To learn more about this and other cool new features, check the release notes.
Growing the team
Nabu Casa is expanding. We have 4 exciting new hires that have just started, or are about to start.
- Madelena Mak will lead the new Product and Design team at Nabu Casa. She is known in the community for her amazing dashboard and e-ink screens (watch last release party for a demo).
- Guy Sie will be in charge of our branding and communication. He is an avid user of Home Assistant, maintainer of the Meural integration and has written a lot of great Home Assistant tutorials.
- Jean-Loïc Pouffier will join Nabu Casa as its first product manager. He runs a French YouTube channel about Home Assistant and recently turned a 70s walkie-talkie into an ESPHome-powered voice assistant.
- Robert Resh will join as a Home Assistant core developer. He maintains an integration for Deebot vacuums and uses ESPHome to control his HVAC and sprinklers.
Open Home lightning round
Too much has happened this month to cover extensively, but we didn't want you to miss out on:
- The Home Assistant companion app for Android has over 1 million monthly active devices.
- The Home Assistant Podcast interviewed Mike Hansen about Year of the Voice and what's next.
- Piper got 7 new community voices contributed and another 16 are in progress.

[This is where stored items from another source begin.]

Lemma sb_eq_app_inv_head w u v : positive (w ++ u) -> w ++ u ≐ w ++ v -> u ≐ v.
Proof.
  intros Hp H; apply (sb_eq_app_inv_head_bounded (S (length (w ++ u))) (head_split_all _) w);
    [split; [lia | exact Hp] | exact H].
Qed.

Lemma sb_rel_rev l r : sb_rel n l r -> sb_rel n (rev l) (rev r) \/ sb_rel n (rev r) (rev l).
Proof.
  destruct 1; simpl; [left | left | right | left | right | right]; constructor;
    unfold far, not_adj in *; auto; lia.
Qed.

Lemma sb_eq_rev u v : u ≐ v -> rev u ≐ rev v.
Proof.
  induction 1 as [u v [u0 v0 l r Hr] | | |].
  - rewrite !rev_app_distr, <- !app_assoc.
    destruct (sb_rel_rev l r Hr); [|apply rst_sym]; apply sb_eq_context, sb_eq_rel; assumption.
  - apply rst_refl.
  - apply rst_sym; assumption.
  - eapply rst_trans; eassumption.
Qed.

Lemma sb_eq_app_inv_tail w u v : positive (u ++ w) -> u ++ w ≐ v ++ w -> u ≐ v.
Proof.
  intros Hp H; apply sb_eq_rev in H; rewrite !rev_app_distr in H.
  apply sb_eq_app_inv_head in H; [|rewrite <- rev_app_distr; apply Forall_rev, Hp].
  rewrite <- (rev_involutive u), <- (rev_involutive v); apply sb_eq_rev, H.
Qed.
End Cancellation.

Theorem corollary2p1 (n : nat) (Hn : 2 <= n) (A B P Q X Y : word) :
  positive_word n A -> positive_word n B -> positive_word n P ->
  positive_word n Q -> positive_word n X -> positive_word n Y ->
  sb_eq n A P -> sb_eq n B Q -> sb_eq n (A ++ X ++ B) (P ++ Y ++ Q) ->
  sb_eq n X Y.
Proof.
  intros HA HB _ _ HX _ HAP HBQ H.
  assert (HAXB : sb_eq n (A ++ X ++ B) (A ++ Y ++ B)).
  { apply rst_trans with (P ++ Y ++ Q); [exact H|].
    apply sb_eq_app; [apply rst_sym, HAP|].
    apply sb_eq_app; [apply rst_refl | apply rst_sym, HBQ]. }
  apply sb_eq_app_inv_head in HAXB; [|repeat apply positive_app; assumption].
  apply sb_eq_app_inv_tail in HAXB; [exact HAXB|apply positive_app; assumption].
Qed.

Nabu Casa paid to rent a recording studio to record some of the new contributed underrepresented languages.
- We launched Piper Recording Studio to make recording your voice easy. If you want to contribute your voice, reach out to voice@nabucasa.com to get access to our hosted version. You can also run it locally in Docker if you're recording a voice for personal use.
- Z-Wave JS is making good progress on preparing for official Z-Wave certification.
Support our work
Ten years ago I started Home Assistant. Five years later we started Nabu Casa to make the development of Home Assistant, the 2nd most active project on GitHub, sustainable. We have never raised any money and our work is fully funded by people like you, who like what we do and want to support our mission of building the Open Home.
If you want to help out too, subscribe to Home Assistant Cloud by Nabu Casa.
Your subscription funds the development of Home Assistant, ESPHome, Year of the Voice, Python Matter Server, Z-Wave JS, Zigpy (Zigbee) and many other projects.
Subscribers also get access to end-to-end encrypted remote access and high quality voices for 130+ different languages and dialects for the Home Assistant Voice Assistant.
Community highlights
homeThing is a universal remote for Home Assistant
Landon is working on a smart home remote that works with different hardware. It can control your music, turn on the lights, activate scenes or scripts.
Add Home Assistant to the Windows system-tray
Pascal created a neat little tool to quickly access your favorite Home Assistant sensors and devices from the system tray.
AppleTV deep-linking brings easy media playing to your automations
On Reddit, /u/az116 shared his video how the new AppleTV deep-linking allows for super fast switching between different media. You can make it directly open any stream, or things like a Netflix show.
Monitoring a fridge with Home Assistant
Andrew shared a case study on the Home Assistant community forums digging into the data from his fridge. He found that it was not cooling properly and using a lot of energy.
In other news
- Raspberry Pi's are back in stock! Even when they sell out, they are now quickly restocked around the globe. The Compute Modules 4 are expected to be back in stock soon too (finally!) (RPiLocator)
- US government announces cybersecurity labeling program for smart devices. The label will include what kind of data is gathered and where. The label will be opt-in so if it's useful depends on adoption. (Wes Davis, The Verge)
- Google's new Pixel Tablet is a great way to put Home Assistant in your living room. It looks like a Nest hub, but since it runs Android you can install the Home Assistant Companion app to make it useful.